## What to do
Keep only the lines that hold the string "exfalso", filtering out the rest of the entries below.

Collected data entries
+ + + +
(* Let $p$ be a state with $p\neq g$ (equivalently, the slopes $p_i/g_i$ of $\beta(p)$ are not all equal). Then the Gibbs state $g$ lies in the interior of $p^{TP}=\{Tp:T\in TP(d)\}$, taken relative to the affine hyperplane $\{x\in\mathbb{R}^d:\sum_i x_i=1\}$.
   Context: Fix $d\ge 2$, $\beta\in(0,\infty)$ and pairwise distinct reals $E_0=0,E_1,\dots,E_{d-1}$. Put $q_{m,n}=e^{-\beta(E_m-E_n)}$, $Z=\sum_j q_{j,0}$, and the Gibbs vector $g_i=q_{i,0}/Z$. A state is a probability vector in $\mathbb{R}^d$. $TP(d)$ is the set of $d\times d$ real matrices with non-negative entries, columns summing to $1$, and $Tg=g$. The thermomajorization curve $\beta(p)$ of a state $p$ is the concave piecewise-linear curve from $(0,0)$ to $(1,1)$ whose segments have horizontal lengths $g_i$ and slopes $p_i/g_i$, arranged in non-increasing order of slope. *)

From HB Require Import structures.
From mathcomp Require Import all_boot all_order all_algebra.
From mathcomp Require Import all_classical all_reals all_analysis.
Set Implicit Arguments. Unset Strict Implicit. Unset Printing Implicit Defensive.
Import Order.TTheory GRing.Theory Num.Theory.
Local Open Scope ring_scope.

Definition qfac (R : realType) (d : nat) (beta : R) (E : 'I_d -> R)
  (m k : 'I_d) : R := expR (- beta * (E m - E k)).

Definition gibbs (R : realType) (n : nat) (beta : R) (E : 'I_n.+2 -> R)
  (i : 'I_n.+2) : R :=
  qfac beta E i ord0 / \sum_(j < n.+2) qfac beta E j ord0.

Definition is_state (R : realType) (d : nat) (p : 'I_d -> R) : Prop :=
  (forall i, 0 <= p i) /\ \sum_(i < d) p i = 1.

Definition mxapp (R : realType) (d : nat) (T : 'M[R]_d) (x : 'I_d -> R)
  : 'I_d -> R := fun i => \sum_(j < d) T i j * x j.

Definition TP (R : realType) (n : nat) (beta : R) (E : 'I_n.+2 -> R)
  (T : 'M[R]_n.+2) : Prop :=
  (forall i j, 0 <= T i j) /\
  (forall j, \sum_(i < n.+2) T i j = 1) /\
  mxapp T (gibbs beta E) = gibbs beta E.

Definition TP_orbit (R : realType) (n : nat) (beta : R) (E : 'I_n.+2 -> R)
  (p : 'I_n.+2 -> R) : set ('I_n.+2 -> R) :=
  [set x | exists T, TP beta E T /\ x = mxapp T p].

(* y lies in the interior of S relative to the hyperplane {sum x_i = 1}
   (max-norm balls; all norms on R^d are equivalent) *)
Definition rel_interior_simplex_plane (R : realType) (d : nat)
  (S : set ('I_d -> R)) (y : 'I_d -> R) : Prop :=
  exists eps : R, 0 < eps /\
    forall x : 'I_d -> R, \sum_(i < d) x i = 1 ->
      (forall i, `|x i - y i| < eps) -> S x.

From HB Require Import structures.
From mathcomp Require Import all_boot all_order all_algebra.
From mathcomp Require Import all_classical all_reals all_analysis.
Set Implicit Arguments. Unset Strict Implicit. Unset Printing Implicit Defensive.
Import Order.TTheory GRing.Theory Num.Theory.
Local Open Scope ring_scope.

(* Since p and g are distinct probability vectors, some linear form v
   separates them: v.g = 0 and v.p = 1.  For x on the hyperplane near g,
   the matrix T = g 1^T + (x - g) v^T then satisfies T g = g and T p = x,
   its columns sum to 1 because the entries of x - g sum to 0, and its
   entries are nonnegative as soon as x - g is small compared with the
   smallest entry of g. *)

Section RankOnePerturbation.
Context {R : realType} {d : nat}.
Implicit Types (g p u v y : 'I_d -> R).

Definition perturb_mx g u v : 'M[R]_d := \matrix_(i, j) (g i + u i * v j).

Lemma mxapp_perturb_mx g u v y :
  mxapp (perturb_mx g u v) y =
  (fun i => g i * \sum_j y j + u i * \sum_j v j * y j).
Proof.
apply: funext => i; rewrite /mxapp.
under eq_bigr do rewrite mxE mulrDl -mulrA.
by rewrite big_split /= -!mulr_sumr.
Qed.

Lemma sum_col_perturb_mx g u v j :
  \sum_i perturb_mx g u v i j = \sum_i g i + v j * \sum_i u i.
Proof.
under eq_bigr do rewrite mxE.
by rewrite big_split /= mulr_sumr; under [X in _ + X]eq_bigr do rewrite mulrC.
Qed.

Lemma perturb_mx_ge0 g u v i j :
  `|u i| * `|v j| <= g i -> 0 <= perturb_mx g u v i j.
Proof.
move=> small; rewrite mxE -[u i * v j]opprK subr_ge0.
by rewrite (le_trans (ler_norm _)) // normrN normrM.
Qed.

Lemma separating_functional g p :
  \sum_i g i = 1 -> \sum_i p i = 1 -> p <> g ->
  exists v, \sum_j v j * g j = 0 /\ \sum_j v j * p j = 1.
Proof.
move=> g_sum p_sum p_neq_g.
have [i p_neq_g_i] : exists i, p i != g i.
  apply/existsP; apply: contraT; rewrite negb_exists => /forallP eq_pg.
  by exfalso; apply: p_neq_g; apply: funext => i; apply/eqP/negPn/eq_pg.
have pg_neq0 : p i - g i != 0 by rewrite subr_eq0.
pose v j := ((j == i)%:R - g i) / (p i - g i).
have v_dot y : \sum_j v j * y j = (y i - g i * \sum_j y j) / (p i - g i).
  under eq_bigr do rewrite mulrAC.
  rewrite -mulr_suml; congr (_ / _).
  under eq_bigr do rewrite mulrBl.
  rewrite sumrB -mulr_sumr (bigD1 i) //= eqxx mul1r big1 ?addr0 // => j /negbTE ->.
  by rewrite mul0r.
exists v; split; [rewrite (v_dot g) | rewrite (v_dot p)].
- by rewrite g_sum mulr1 subrr mul0r.
- by rewrite p_sum mulr1 divff.
Qed.

Lemma small_perturbation_bound g v : (forall i, 0 < g i) ->
  exists2 eps, 0 < eps &
    forall u, (forall i, `|u i| < eps) -> forall i j, `|u i| * `|v j| <= g i.
Proof.
move=> g_gt0.
pose m := \big[Num.min/1]_i g i.
pose K := \big[Num.max/1]_j `|v j|.
have m_gt0 : 0 < m by apply: lt_bigmin.
have K_ge1 : 1 <= K by apply: bigmax_ge_id.
have K_gt0 : 0 < K by apply: lt_le_trans K_ge1.
exists (m / K) => [|u u_small i j]; first by rewrite divr_gt0.
apply: (@le_trans _ _ m); last exact: bigmin_le.
rewrite -(divfK (lt0r_neq0 K_gt0) m) ler_pM //.
  exact/ltW/u_small.
exact: le_bigmax.
Qed.

End RankOnePerturbation.

Section Gibbs.
Context {R : realType} {n : nat} (beta : R) (E : 'I_n.+2 -> R).

Lemma partition_function_gt0 : 0 < \sum_j qfac beta E j ord0.
Proof.
rewrite (bigD1 ord0) //= ltr_pwDl ?expR_gt0 // sumr_ge0 // => j _.
exact/ltW/expR_gt0.
Qed.

Lemma gibbs_gt0 i : 0 < gibbs beta E i.
Proof. by rewrite divr_gt0 ?expR_gt0 ?partition_function_gt0. Qed.

Lemma gibbs_sum : \sum_i gibbs beta E i = 1.
Proof. by rewrite -mulr_suml divff // lt0r_neq0 ?partition_function_gt0. Qed.

End Gibbs.

Theorem mainTheorem6 (R : realType) (n : nat) (beta : R) (E : 'I_n.+2 -> R)
  (p : 'I_n.+2 -> R) :
  0 < beta -> E ord0 = 0 -> injective E ->
  is_state p -> p <> gibbs beta E ->
  rel_interior_simplex_plane (TP_orbit beta E p) (gibbs beta E).
Proof.
move=> _ _ _ [_ p_sum] p_neq_g; set g := gibbs beta E.
have g_sum : \sum_i g i = 1 by apply: gibbs_sum.
have [v [v_g v_p]] := separating_functional g_sum p_sum p_neq_g.
have [eps eps_gt0 small] := small_perturbation_bound v (gibbs_gt0 beta E).
exists eps; split => // x x_sum x_near.
pose u i := x i - g i.
have u_sum : \sum_i u i = 0 by rewrite sumrB x_sum g_sum subrr.
exists (perturb_mx g u v); split; [split; [|split] |].
- by move=> i j; apply/perturb_mx_ge0/small.
- by move=> j; rewrite sum_col_perturb_mx g_sum u_sum mulr0 addr0.
- by rewrite mxapp_perturb_mx g_sum v_g; apply: funext => i; rewrite mulr1 mulr0 addr0.
- by rewrite mxapp_perturb_mx p_sum v_p; apply: funext => i; rewrite !mulr1 addrC subrK.
Qed.
(* Let $n\geq2$ and define $\tilde f:[2,\infty)\to\mathbb{R}$ by \[ \tilde f(x)=\frac{n+1-2x-x(x+n-2)+\frac1n(x^2-x)}{n-1-x(x+n-2)}. \] If $\bar x\geq2$ satisfies $\tilde f'(\bar x)=0$, then $\tilde f''(\bar x)<0$; i.e. every critical point of $\tilde f$ in $[2,\infty)$ is a strict local maximum. *)

From Stdlib Require Import Reals Lra Lia.
From Coquelicot Require Import Coquelicot.
Open Scope R_scope.

(* \tilde f(x) = (n+1-2x - x(x+n-2) + (x^2-x)/n) / (n-1 - x(x+n-2)),
   given by its closed formula on all of R (its denominator is < 0 on [2,oo)). *)
Definition ftilde (n : nat) (x : R) : R :=
  (INR n + 1 - 2 * x - x * (x + INR n - 2) + / INR n * (x ^ 2 - x))
  / (INR n - 1 - x * (x + INR n - 2)).

(* Write ftilde = N / D with quadratics N and D.  Away from the zeros of D,
   ftilde' = P / D^2 with P = N' D - N D', so at a critical point P vanishes and
   ftilde'' = P' / D^2 = (N'' D - N D'') / D^2.  For these particular
   quadratics N'' D - N D'' = 2 (3 - 1/n) (1 - x), negative for x > 1. *)
From Stdlib Require Import Reals Lra.
From Coquelicot Require Import Coquelicot.
Open Scope R_scope.

Lemma locally_neq0 (g : R -> R) (x : R) :
  continuous g x -> g x <> 0 -> locally x (fun y => g y <> 0).
Proof. intros g_cont gx_neq0. apply (g_cont (fun z => z <> 0)), open_neq, gx_neq0. Qed.

Section QuotientAtCriticalPoint.

Variables (N D N' D' : R -> R) (x N'' D'' : R).
Hypothesis N_deriv : forall y, is_derive N y (N' y).
Hypothesis D_deriv : forall y, is_derive D y (D' y).
Hypothesis N'_deriv : is_derive N' x N''.
Hypothesis D'_deriv : is_derive D' x D''.
Hypothesis Dx_neq0 : D x <> 0.

Let P (y : R) : R := N' y * D y - N y * D' y.

Let Derive_quotient_loc :
  locally x (fun y => Derive (fun t => N t / D t) y = P y / D y ^ 2).
Proof.
  assert (D_cont : continuous D x).
  { apply (ex_derive_continuous (K := R_AbsRing) D). exists (D' x). apply D_deriv. }
  refine (filter_imp _ _ _ (locally_neq0 _ _ D_cont Dx_neq0)).
  intros y Dy_neq0. apply is_derive_unique, is_derive_div; auto.
Qed.

Let P_deriv : is_derive P x (N'' * D x - N x * D'').
Proof.
  pose proof (is_derive_minus _ _ _ _ _
    (is_derive_mult _ _ _ _ _ N'_deriv (D_deriv x) Rmult_comm)
    (is_derive_mult _ _ _ _ _ (N_deriv x) D'_deriv Rmult_comm)) as dP.
  replace (N'' * D x - N x * D'') with
    (minus (plus (mult N'' (D x)) (mult (N' x) (D' x)))
           (plus (mult (N' x) (D' x)) (mult (N x) D'')))
    by (unfold minus, plus, opp, mult; simpl; ring).
  exact dP.
Qed.

Lemma Derive_n_quotient_at_critical_point :
  Derive (fun t => N t / D t) x = 0 ->
  Derive_n (fun t => N t / D t) 2 x = (N'' * D x - N x * D'') / D x ^ 2.
Proof.
  intros crit.
  rewrite (locally_singleton _ _ Derive_quotient_loc) in crit.
  assert (Px0 : P x = 0).
  { apply Rmult_integral in crit as [Px0 | Dx2_inv0]; [exact Px0 |].
    exfalso. revert Dx2_inv0. apply Rinv_neq_0_compat, pow_nonzero, Dx_neq0. }
  change (Derive (Derive (fun t => N t / D t)) x = (N'' * D x - N x * D'') / D x ^ 2).
  rewrite (Derive_ext_loc _ _ _ Derive_quotient_loc).
  erewrite is_derive_unique;
    [| exact (is_derive_div _ _ _ _ _ P_deriv (is_derive_pow _ 2 _ _ (D_deriv x))
                (pow_nonzero _ 2 Dx_neq0))].
  rewrite Px0. simpl. field. exact Dx_neq0.
Qed.

End QuotientAtCriticalPoint.

Definition ftilde_num (a y : R) : R :=
  a + 1 - 2 * y - y * (y + a - 2) + / a * (y ^ 2 - y).
Definition ftilde_den (a y : R) : R := a - 1 - y * (y + a - 2).
Definition ftilde_num' (a y : R) : R := - 2 - (2 * y + a - 2) + / a * (2 * y - 1).
Definition ftilde_den' (a y : R) : R := - (2 * y + a - 2).

Lemma is_derive_ftilde_num (a y : R) : is_derive (ftilde_num a) y (ftilde_num' a y).
Proof. unfold ftilde_num, ftilde_num'. auto_derive; [easy | ring]. Qed.

Lemma is_derive_ftilde_num' (a y : R) : is_derive (ftilde_num' a) y (2 / a - 2).
Proof. unfold ftilde_num'. auto_derive; [easy | unfold Rdiv; ring]. Qed.

Lemma is_derive_ftilde_den (a y : R) : is_derive (ftilde_den a) y (ftilde_den' a y).
Proof. unfold ftilde_den, ftilde_den'. auto_derive; [easy | ring]. Qed.

Lemma is_derive_ftilde_den' (a y : R) : is_derive (ftilde_den' a) y (- 2).
Proof. unfold ftilde_den'. auto_derive; [easy | ring]. Qed.

Lemma ftilde_den_lt0 (a y : R) : 0 <= a -> 1 < y -> ftilde_den a y < 0.
Proof. intros. unfold ftilde_den. nra. Qed.

Lemma ftilde_num''_den_sub_num_den'' (a y : R) : a <> 0 ->
  (2 / a - 2) * ftilde_den a y - ftilde_num a y * (- 2) = 2 * (3 - / a) * (1 - y).
Proof. intros. unfold ftilde_num, ftilde_den. field. assumption. Qed.

Theorem lemma4p1 (n : nat) (xbar : R) :
  (2 <= n)%nat -> 2 <= xbar ->
  Derive (ftilde n) xbar = 0 ->
  Derive_n (ftilde n) 2 xbar < 0.
Proof.
  intros n_ge2 xbar_ge2 crit.
  assert (a_ge2 : 2 <= INR n) by (apply (le_INR 2) in n_ge2; simpl in n_ge2; lra).
  assert (den_lt0 : ftilde_den (INR n) xbar < 0) by (apply ftilde_den_lt0; lra).
  change (ftilde n) with (fun t => ftilde_num (INR n) t / ftilde_den (INR n) t).
  rewrite (Derive_n_quotient_at_critical_point _ _ _ _ _ _ _
    (is_derive_ftilde_num _) (is_derive_ftilde_den _)
    (is_derive_ftilde_num' _ _) (is_derive_ftilde_den' _ _)
    (Rlt_not_eq _ _ den_lt0) crit).
  rewrite ftilde_num''_den_sub_num_den'' by lra.
  apply Rdiv_neg_pos; [| apply pow2_gt_0; lra].
  assert (/ INR n <= / 2) by (apply Rinv_le_contravar; lra).
  nra.
Qed.
Lemma big_shuffles_last (F : seq int -> {poly rat}) {sigma pi x u y v} :
  uniq (sigma ++ pi) -> rev sigma = x :: u -> rev pi = y :: v ->
  \sum_(alpha <- permutations (sigma ++ pi)
          | is_shuffle sigma pi alpha && (last 0 alpha == last 0 sigma)) F alpha
  = \sum_(w <- shuffles u (y :: v)) F (rev (x :: w)).
Proof.
move=> uniq_sp rev_sigma rev_pi.
have uniq_rev : uniq (rev sigma ++ rev pi).
  by rewrite -rev_cat rev_uniq uniq_catC.
have last_sigma : last 0 sigma = x := last_rev_cons 0 rev_sigma.
pose L := [seq rev w | w <- shuffles (rev sigma) (rev pi)].
have mem_L a : (a \in L) = is_shuffle sigma pi a.
  by rewrite -{1}(revK a) (mem_map (can_inj revK)) mem_shuffles // -is_shuffle_rev.
have perm_L : perm_eq
    [seq a <- permutations (sigma ++ pi) | is_shuffle sigma pi a && (last 0 a == last 0 sigma)]
    [seq a <- L | last 0 a == last 0 sigma].
  apply: uniq_perm; rewrite ?filter_uniq ?permutations_uniq ?map_inj_uniq ?uniq_shuffles //;
    first exact: (can_inj revK).
  move=> a; rewrite !mem_filter mem_permutations mem_L.
  case sh_a: (is_shuffle sigma pi a); rewrite /= ?andbF //.
  by case/and3P: sh_a => _ _ ->.
rewrite -big_filter (perm_big _ perm_L) big_filter big_map rev_sigma rev_pi shuffles_cons.
rewrite big_cat !big_map /= [X in _ + X]big1 ?addr0 => [|w].
  by apply: eq_bigl => w; rewrite rev_cons last_rcons last_sigma eqxx.
rewrite rev_cons last_rcons last_sigma => /eqP y_x.
by move: uniq_rev; rewrite rev_sigma rev_pi y_x /= mem_cat mem_head orbT.
Qed.

Lemma neg_perm {s1 s2} : perm_eq s1 s2 -> neg s1 = neg s2.
Proof. by move/permP => perm12; rewrite /neg perm12. Qed.

Lemma big_shuffles_last_fmaj {sigma pi x u y v} :
  uniq (sigma ++ pi) -> rev sigma = x :: u -> rev pi = y :: v ->
  \sum_(alpha <- permutations (sigma ++ pi)
          | is_shuffle sigma pi alpha && (last 0 alpha == last 0 sigma)) 'X^(fmaj alpha)
  = 'X^(neg sigma + neg pi) * shuffle_sum 'X^2 x u y v.
Proof.
move=> uniq_sp rev_sigma rev_pi; rewrite (big_shuffles_last _ uniq_sp rev_sigma rev_pi).
rewrite /shuffle_sum mulr_sumr; apply: eq_big_seq => w /shuffles_perm perm_w.
have perm_xw : perm_eq (rev (x :: w)) (sigma ++ pi).
  have perm_rev_cat : perm_eq (sigma ++ pi) (rev sigma ++ rev pi).
    by apply: perm_cat; rewrite perm_sym perm_rev.
  rewrite perm_rev perm_sym (perm_trans perm_rev_cat) //.
  by rewrite rev_sigma rev_pi perm_sym perm_cons.
by rewrite /fmaj (neg_perm perm_xw) /neg count_cat exprD exprM mulrC.
Qed.

Theorem lemma5p7 (A B : seq nat) (m n : nat) (sigma pi : seq int) :
  uniq A -> uniq B -> all (fun a => 0 < a)%N A -> all (fun b => 0 < b)%N B ->
  ~~ has (fun a => a \in B) A ->
  size A = m -> (1 <= m)%N -> size B = n -> (1 <= n)%N ->
  signed_perm A sigma -> signed_perm B pi ->
  prec (last (0:int) sigma) (last (0:int) pi) ->
  \sum_(alpha <- permutations (sigma ++ pi)
          | is_shuffle sigma pi alpha && (last (0:int) alpha == last (0:int) sigma))
      'X^(fmaj alpha)
  = 'X^(fmaj sigma + fmaj pi + 2 * n) * qbinom (n + m - 1) n ('X ^+ 2).
Proof.
move=> uniq_A uniq_B _ _ disj_AB <- m_gt0 <- n_gt0 [_ perm_A] [_ perm_B] prec_last.
have uniq_sp : uniq (sigma ++ pi).
  apply: (@map_uniq _ _ absz); rewrite map_cat (perm_uniq (perm_cat perm_A perm_B)).
  by rewrite cat_uniq uniq_A uniq_B has_sym disj_AB.
have size_sigma : size (rev sigma) = size A by rewrite size_rev -(perm_size perm_A) size_map.
have size_pi : size (rev pi) = size B by rewrite size_rev -(perm_size perm_B) size_map.
case rev_sigma: (rev sigma) size_sigma => [|x u] size_u; first by rewrite -size_u in m_gt0.
case rev_pi: (rev pi) size_pi => [|y v] size_v; first by rewrite -size_v in n_gt0.
rewrite (last_rev_cons 0 rev_sigma) (last_rev_cons 0 rev_pi) in prec_last.
have X2_at1 : ('X^2 : {poly rat}).[1] = 1 by rewrite hornerXn expr1n.
have uniq_xuyv : uniq (x :: u ++ y :: v).
  by rewrite -cat_cons -rev_sigma -rev_pi -rev_cat rev_uniq uniq_catC.
rewrite (big_shuffles_last_fmaj uniq_sp rev_sigma rev_pi) shuffle_sum_closed // prec_last.
rewrite -size_u -size_v /= qbinom_gauss //; last by lia.
have -> : ((size v).+1 + (size u).+1 - 1 = (size u + size v).+1)%N by lia.
rewrite /fmaj /maj_rev -rev_sigma -rev_pi !revK mulrA -exprM -exprD.
by congr (_ * _); congr (_ ^+ _); lia.
Qed.
(* Let $X$ be a space, $Y\subseteq X$ a subspace and $\tau$ a cardinal. Then $Y$ is $F_\tau$-embedded in $X$ if one of the following holds: (a) $X$ is a normal $T_1$-space, $\tau\geq\aleph_0$ and $nw(Y)\leq\tau$; (b) $Y$ is preopen in $X$ (i.e., $Y\subseteq \mathrm{int}_X(\mathrm{cl}_X(Y))$) and there is a family $\alpha$ of open subsets of $Y$ which is the union of $\tau$ strongly point-finite families and which F-separates $Y$ (in the space $Y$).
   Context: ''Space'' means topological $T_0$-space. $nw(Y)$ is the network weight of $Y$. A family of subsets of a set is strongly point-finite if every countably infinite subfamily contains a finite subfamily with empty intersection. A family $\mathcal{U}$ of subsets of a space $W$ F-separates $S\subseteq W$ if for distinct $x,y\in S$ there is $U\in\mathcal{U}$ with $x\in U$ and $y\notin\mathrm{cl}_W(U)$, or vice versa. $Y$ is $F_\tau$-embedded in $X$ if there is a family of open subsets of $X$ which is the union of $\tau$ point-finite families of open subsets of $X$ and which F-separates $Y$ (closures taken in $X$). *)

From HB Require Import structures.
From mathcomp Require Import all_boot all_order all_algebra.
From mathcomp Require Import all_classical all_reals all_analysis.
Set Implicit Arguments. Unset Strict Implicit. Unset Printing Implicit Defensive.
Local Open Scope classical_set_scope.

(* Subspaces Y of a topological space X are represented as subsets Y : set X
   carrying the subspace topology: a set A is open in Y iff A = U `&` Y with
   U open in X, and cl_Y(A) = cl_X(A) `&` Y. Families of subsets are sets of
   sets (set (set X)); a cardinal tau is represented by an index type I,
   tau = |I|. *)

Section Defs.
Context {X : topologicalType}.

Definition open_in (Y A : set X) : Prop :=
  exists U : set X, open U /\ A = U `&` Y.

Definition closure_in (W A : set X) : set X := closure A `&` W.

Definition point_finite (fam : set (set X)) : Prop :=
  forall x : X, finite_set [set A | fam A /\ A x].

Definition strongly_point_finite (fam : set (set X)) : Prop :=
  forall S : set (set X), S `<=` fam -> countable S -> infinite_set S ->
    exists F : set (set X),
      [/\ F `<=` S, finite_set F, F !=set0 & \bigcap_(A in F) A = set0].

Definition F_separates (W : set X) (fam : set (set X)) (S : set X) : Prop :=
  forall x y : X, S x -> S y -> x <> y ->
    exists U : set X, fam U /\
      ((U x /\ ~ closure_in W U y) \/ (U y /\ ~ closure_in W U x)).

Definition F_embedded (I : Type) (Y : set X) : Prop :=
  exists fams : I -> set (set X),
    (forall i, fams i `<=` open /\ point_finite (fams i)) /\
    F_separates setT (\bigcup_(i in setT) fams i) Y.

Definition network_of (Y : set X) (N : set (set X)) : Prop :=
  (forall A, N A -> A `<=` Y) /\
  (forall V : set X, open_in Y V -> forall y, V y -> Y y ->
     exists2 A, N A & A y /\ A `<=` V).

Definition nw_le (Y : set X) (I : Type) : Prop :=
  exists N : set (set X), network_of Y N /\ (N #<= [set: I])%card.

Definition preopen (Y : set X) : Prop := Y `<=` interior (closure Y).

End Defs.

From mathcomp Require Import all_boot all_order all_algebra.
From mathcomp Require Import all_classical all_reals all_analysis.
Local Open Scope classical_set_scope.

(* In case (a), two distinct points of Y lie in members A, B of a network of
   Y with disjoint closures (normality and T_1, used twice), and normality
   gives an open U with cl A <= U and cl U disjoint from cl B.  Indexing the
   pairs (A, B) injectively by tau * tau = tau, every index carries at most
   one such U, so each of the tau families is trivially point-finite.
   In case (b), a relatively open A of Y is the trace on Y of the open set
   O(A) = int cl Y \ cl (Y \ A), whose closure lies in cl A, so F-separation
   in Y transfers to X.  If a point lay in infinitely many O(A), strong
   point-finiteness would give finitely many of these A with empty
   intersection; but the intersection of the corresponding O(A) is an open
   neighbourhood of that point inside int cl Y, so it meets Y, and such a
   meeting point lies in all of those A.
   The identity tau * tau = tau for infinite tau is proved with Zorn's lemma
   on partial injections D * D -> D. *)

Set Implicit Arguments. Unset Strict Implicit.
+ + + +
## Response area
  by exfalso; apply: p_neq_g; apply: funext => i; apply/eqP/negPn/eq_pg.
    exfalso. revert Dx2_inv0. apply Rinv_neq_0_compat, pow_nonzero, Dx_neq0. }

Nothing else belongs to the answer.